Return each line of the data below unchanged, please.

◆ **Information provided**

^^^^^^^^^^^^^^^^

(* Let $\gamma\geq0$, $G=(V,E,\omega)\in\mathcal C_\gamma$, $u_0,v_0\in\mathcal V$, and let $u,v:[0,\infty)\to\mathcal V$ be the solutions (continuously differentiable in $t$) of $\frac{du}{dt}=-Lu$, $u(0)=u_0$ and $\frac{dv}{dt}=-Lv$, $v(0)=v_0$. If $(u_0)_i\leq(v_0)_i$ for all $i\in V$, then $u_i(t)\leq v_i(t)$ for all $t\geq0$ and all $i\in V$.
   Context: $\mathcal{G}$ is the set of finite, simple, connected, undirected, edge-weighted graphs $G=(V,E,\omega)$ with $V=\{1,\dots,n\}$, $n\geq2$, weights $\omega_{ij}=\omega_{ji}>0$ on edges, $0$ otherwise. $d_i=\sum_j\omega_{ij}$. $\mathcal V$: functions $V\to\mathbb R$. Fixed $r\in[0,1]$: $(\Delta u)_i=d_i^{-r}\sum_j\omega_{ij}(u_i-u_j)$, $\mathcal M(u)=\sum_id_i^ru_i$, $\mathrm{vol}(V)=\sum_id_i^r$, $\mathcal A(u)=\frac{\mathcal M(u)}{\mathrm{vol}(V)}\chi_V$. For $u\in\mathcal V$ let $\varphi$ be the unique solution of $\Delta\varphi=u-\mathcal A(u)$, $\mathcal M(\varphi)=0$, and $Lu:=\Delta u+\gamma\varphi$ (a linear operator on $\mathcal V$). For a proper subset $S\subsetneq V$, the equilibrium measure $\nu^S$ is the unique $\nu\in\mathcal V$ with $(\Delta\nu)_i=1$ on $S$ and $\nu_i=0$ off $S$. $f^j:=\nu^{V\setminus\{j\}}-\mathcal A(\nu^{V\setminus\{j\}})$. $\mathcal C^0=\{G\in\mathcal G:\forall j\ \forall i\neq j:\ \omega_{ij}>0\text{ or }f^j_i\geq0\}$; for $\gamma>0$, $\mathcal C_\gamma=\{G\in\mathcal C^0:\forall j\ \forall i\neq j:\ \omega_{ij}=0\text{ or }d_i^{-r}\omega_{ij}+\gamma\frac{d_j^r}{\mathrm{vol}(V)}f^j_i>0\}$; $\mathcal C_0:=\mathcal G$. *)

From HB Require Import structures.
From mathcomp Require Import all_boot all_order all_algebra.
From mathcomp Require Import all_classical all_reals all_analysis.
From Stdlib Require Import ClassicalEpsilon.
Set Implicit Arguments. Unset Strict Implicit. Unset Printing Implicit Defensive.
Import Order.TTheory GRing.Theory Num.Theory.
Local Open Scope ring_scope.

Section GraphDefs.
Variables (R : realType) (n : nat).
Variable w : 'I_n -> 'I_n -> R.

Definition is_graph : Prop :=
  [/\ (2 <= n)%N,
      (forall i j, w i j = w j i),
      (forall i j, 0 <= w i j),
      (forall i, w i i = 0) &
      (forall i j, connect (fun a b : 'I_n => 0 < w a b) i j)].

Definition deg (i : 'I_n) : R := \sum_(j < n) w i j.

Variable r : R.

Definition Delta (u : 'I_n -> R) : 'I_n -> R :=
  fun i => deg i `^ (- r) * \sum_(j < n) w i j * (u i - u j).

Definition mass (u : 'I_n -> R) : R := \sum_(i < n) deg i `^ r * u i.

Definition vol : R := \sum_(i < n) deg i `^ r.

Definition avg (u : 'I_n -> R) : 'I_n -> R := fun _ => mass u / vol.

Definition is_phi (u phi : 'I_n -> R) : Prop :=
  Delta phi = (fun i => u i - avg u i) /\ mass phi = 0.

(* "the unique solution" (its existence and uniqueness are facts about
   connected graphs; we pick it with the choice operator) *)
Definition phi_of (u : 'I_n -> R) : 'I_n -> R :=
  epsilon (inhabits (fun _ => 0)) (is_phi u).

Variable gamma : R.

Definition Lop (u : 'I_n -> R) : 'I_n -> R :=
  fun i => Delta u i + gamma * phi_of u i.

Definition is_equilibrium (S : {set 'I_n}) (nu : 'I_n -> R) : Prop :=
  (forall i, i \in S -> Delta nu i = 1) /\ (forall i, i \notin S -> nu i = 0).

Definition equilibrium (S : {set 'I_n}) : 'I_n -> R :=
  epsilon (inhabits (fun _ => 0)) (is_equilibrium S).

Definition fj (j : 'I_n) : 'I_n -> R :=
  let nu := equilibrium (~: [set j]) in fun i => nu i - avg nu i.

Definition in_C0 : Prop :=
  forall j i : 'I_n, i != j -> 0 < w i j \/ 0 <= fj j i.

Definition in_Cgamma : Prop :=
  if gamma == 0 then True else
  in_C0 /\
  forall j i : 'I_n, i != j ->
    w i j = 0 \/ 0 < deg i `^ (- r) * w i j + gamma * (deg j `^ r / vol) * fj j i.

End GraphDefs.

From HB Require Import structures.
From mathcomp Require Import all_boot all_order all_algebra.
From mathcomp Require Import all_classical all_reals all_analysis.
From mathcomp Require Import ring lra.
From Stdlib Require Import ClassicalEpsilon.
Import Order.TTheory GRing.Theory Num.Theory numFieldNormedType.Exports.
Local Open Scope ring_scope.
Set Implicit Arguments. Unset Strict Implicit.

(* The operator L is linear.  Solving for phi with the equilibrium measures gives
   phi(u) = - sum_j u_j d_j^r / vol(V) f^j, hence (L u)_i = sum_j L_ij u_j with
   L_ij = d_i^-r (delta_ij d_i - w_ij) - gamma d_j^r / vol(V) f^j_i, and the
   conditions defining C_gamma say exactly that L_ij <= 0 for i <> j.  So
   z = v - u solves z' = - L z with z(0) >= 0, and y = e^(ct) z, for c dominating
   the diagonal of L, solves y' = A y with A >= 0 entrywise.  Such a y stays
   nonnegative: if a bounds the row sums of A, a d < 1 and y(t0) >= 0, a negative
   minimum m of all the y_k over [t0, t0 + d] would satisfy m >= a d m by the mean
   value theorem; steps of length d then cover [0, oo). *)

Lemma sum_delta (R : pzSemiRingType) n (F : 'I_n -> R) (i : 'I_n) :
  \sum_j (i == j)%:R * F j = F i.
Proof.
rewrite (bigD1 i) //= eqxx mul1r big1 ?addr0 // => j.
by rewrite eq_sym => /negPf ->; rewrite mul0r.
Qed.

Lemma solvable_of_trivial_kernel (F : fieldType) n (A : 'M[F]_n) :
  (forall v : 'rV_n, v *m A = 0 -> v = 0) -> forall b : 'rV_n, exists x, x *m A = b.
Proof.
move=> A_inj b; have A_unit : A \in unitmx by rewrite -row_free_unit inj_row_free.
by exists (b *m invmx A); rewrite mulmxKV.
Qed.

Section GraphLaplacian.
Variables (R : realType) (n : nat) (w : 'I_n -> 'I_n -> R) (r : R).
Hypothesis w_graph : is_graph w.

Definition lap (u : 'I_n -> R) (i : 'I_n) : R := \sum_j w i j * (u i - u j).

Let w_sym i j : w i j = w j i. Proof. by case: w_graph. Qed.
Let w_ge0 i j : 0 <= w i j. Proof. by case: w_graph. Qed.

^^^^^^^^^^^^^^^^

◆ **Task response**
(* Let $\gamma\geq0$, $G=(V,E,\omega)\in\mathcal C_\gamma$, $u_0,v_0\in\mathcal V$, and let $u,v:[0,\infty)\to\mathcal V$ be the solutions (continuously differentiable in $t$) of $\frac{du}{dt}=-Lu$, $u(0)=u_0$ and $\frac{dv}{dt}=-Lv$, $v(0)=v_0$. If $(u_0)_i\leq(v_0)_i$ for all $i\in V$, then $u_i(t)\leq v_i(t)$ for all $t\geq0$ and all $i\in V$.
   Context: $\mathcal{G}$ is the set of finite, simple, connected, undirected, edge-weighted graphs $G=(V,E,\omega)$ with $V=\{1,\dots,n\}$, $n\geq2$, weights $\omega_{ij}=\omega_{ji}>0$ on edges, $0$ otherwise. $d_i=\sum_j\omega_{ij}$. $\mathcal V$: functions $V\to\mathbb R$. Fixed $r\in[0,1]$: $(\Delta u)_i=d_i^{-r}\sum_j\omega_{ij}(u_i-u_j)$, $\mathcal M(u)=\sum_id_i^ru_i$, $\mathrm{vol}(V)=\sum_id_i^r$, $\mathcal A(u)=\frac{\mathcal M(u)}{\mathrm{vol}(V)}\chi_V$. For $u\in\mathcal V$ let $\varphi$ be the unique solution of $\Delta\varphi=u-\mathcal A(u)$, $\mathcal M(\varphi)=0$, and $Lu:=\Delta u+\gamma\varphi$ (a linear operator on $\mathcal V$). For a proper subset $S\subsetneq V$, the equilibrium measure $\nu^S$ is the unique $\nu\in\mathcal V$ with $(\Delta\nu)_i=1$ on $S$ and $\nu_i=0$ off $S$. $f^j:=\nu^{V\setminus\{j\}}-\mathcal A(\nu^{V\setminus\{j\}})$. $\mathcal C^0=\{G\in\mathcal G:\forall j\ \forall i\neq j:\ \omega_{ij}>0\text{ or }f^j_i\geq0\}$; for $\gamma>0$, $\mathcal C_\gamma=\{G\in\mathcal C^0:\forall j\ \forall i\neq j:\ \omega_{ij}=0\text{ or }d_i^{-r}\omega_{ij}+\gamma\frac{d_j^r}{\mathrm{vol}(V)}f^j_i>0\}$; $\mathcal C_0:=\mathcal G$. *)

From HB Require Import structures.
From mathcomp Require Import all_boot all_order all_algebra.
From mathcomp Require Import all_classical all_reals all_analysis.
From Stdlib Require Import ClassicalEpsilon.
Set Implicit Arguments. Unset Strict Implicit. Unset Printing Implicit Defensive.
Import Order.TTheory GRing.Theory Num.Theory.
Local Open Scope ring_scope.

Section GraphDefs.
Variables (R : realType) (n : nat).
Variable w : 'I_n -> 'I_n -> R.

Definition is_graph : Prop :=
  [/\ (2 <= n)%N,
      (forall i j, w i j = w j i),
      (forall i j, 0 <= w i j),
      (forall i, w i i = 0) &
      (forall i j, connect (fun a b : 'I_n => 0 < w a b) i j)].

Definition deg (i : 'I_n) : R := \sum_(j < n) w i j.

Variable r : R.

Definition Delta (u : 'I_n -> R) : 'I_n -> R :=
  fun i => deg i `^ (- r) * \sum_(j < n) w i j * (u i - u j).

Definition mass (u : 'I_n -> R) : R := \sum_(i < n) deg i `^ r * u i.

Definition vol : R := \sum_(i < n) deg i `^ r.

Definition avg (u : 'I_n -> R) : 'I_n -> R := fun _ => mass u / vol.

Definition is_phi (u phi : 'I_n -> R) : Prop :=
  Delta phi = (fun i => u i - avg u i) /\ mass phi = 0.

(* "the unique solution" (its existence and uniqueness are facts about
   connected graphs; we pick it with the choice operator) *)
Definition phi_of (u : 'I_n -> R) : 'I_n -> R :=
  epsilon (inhabits (fun _ => 0)) (is_phi u).

Variable gamma : R.

Definition Lop (u : 'I_n -> R) : 'I_n -> R :=
  fun i => Delta u i + gamma * phi_of u i.

Definition is_equilibrium (S : {set 'I_n}) (nu : 'I_n -> R) : Prop :=
  (forall i, i \in S -> Delta nu i = 1) /\ (forall i, i \notin S -> nu i = 0).

Definition equilibrium (S : {set 'I_n}) : 'I_n -> R :=
  epsilon (inhabits (fun _ => 0)) (is_equilibrium S).

Definition fj (j : 'I_n) : 'I_n -> R :=
  let nu := equilibrium (~: [set j]) in fun i => nu i - avg nu i.

Definition in_C0 : Prop :=
  forall j i : 'I_n, i != j -> 0 < w i j \/ 0 <= fj j i.

Definition in_Cgamma : Prop :=
  if gamma == 0 then True else
  in_C0 /\
  forall j i : 'I_n, i != j ->
    w i j = 0 \/ 0 < deg i `^ (- r) * w i j + gamma * (deg j `^ r / vol) * fj j i.

End GraphDefs.

From HB Require Import structures.
From mathcomp Require Import all_boot all_order all_algebra.
From mathcomp Require Import all_classical all_reals all_analysis.
From mathcomp Require Import ring lra.
From Stdlib Require Import ClassicalEpsilon.
Import Order.TTheory GRing.Theory Num.Theory numFieldNormedType.Exports.
Local Open Scope ring_scope.
Set Implicit Arguments. Unset Strict Implicit.

(* The operator L is linear.  Solving for phi with the equilibrium measures gives
   phi(u) = - sum_j u_j d_j^r / vol(V) f^j, hence (L u)_i = sum_j L_ij u_j with
   L_ij = d_i^-r (delta_ij d_i - w_ij) - gamma d_j^r / vol(V) f^j_i, and the
   conditions defining C_gamma say exactly that L_ij <= 0 for i <> j.  So
   z = v - u solves z' = - L z with z(0) >= 0, and y = e^(ct) z, for c dominating
   the diagonal of L, solves y' = A y with A >= 0 entrywise.  Such a y stays
   nonnegative: if a bounds the row sums of A, a d < 1 and y(t0) >= 0, a negative
   minimum m of all the y_k over [t0, t0 + d] would satisfy m >= a d m by the mean
   value theorem; steps of length d then cover [0, oo). *)

Lemma sum_delta (R : pzSemiRingType) n (F : 'I_n -> R) (i : 'I_n) :
  \sum_j (i == j)%:R * F j = F i.
Proof.
rewrite (bigD1 i) //= eqxx mul1r big1 ?addr0 // => j.
by rewrite eq_sym => /negPf ->; rewrite mul0r.
Qed.

Lemma solvable_of_trivial_kernel (F : fieldType) n (A : 'M[F]_n) :
  (forall v : 'rV_n, v *m A = 0 -> v = 0) -> forall b : 'rV_n, exists x, x *m A = b.
Proof.
move=> A_inj b; have A_unit : A \in unitmx by rewrite -row_free_unit inj_row_free.
by exists (b *m invmx A); rewrite mulmxKV.
Qed.

Section GraphLaplacian.
Variables (R : realType) (n : nat) (w : 'I_n -> 'I_n -> R) (r : R).
Hypothesis w_graph : is_graph w.

Definition lap (u : 'I_n -> R) (i : 'I_n) : R := \sum_j w i j * (u i - u j).

Let w_sym i j : w i j = w j i. Proof. by case: w_graph. Qed.
Let w_ge0 i j : 0 <= w i j. Proof. by case: w_graph. Qed.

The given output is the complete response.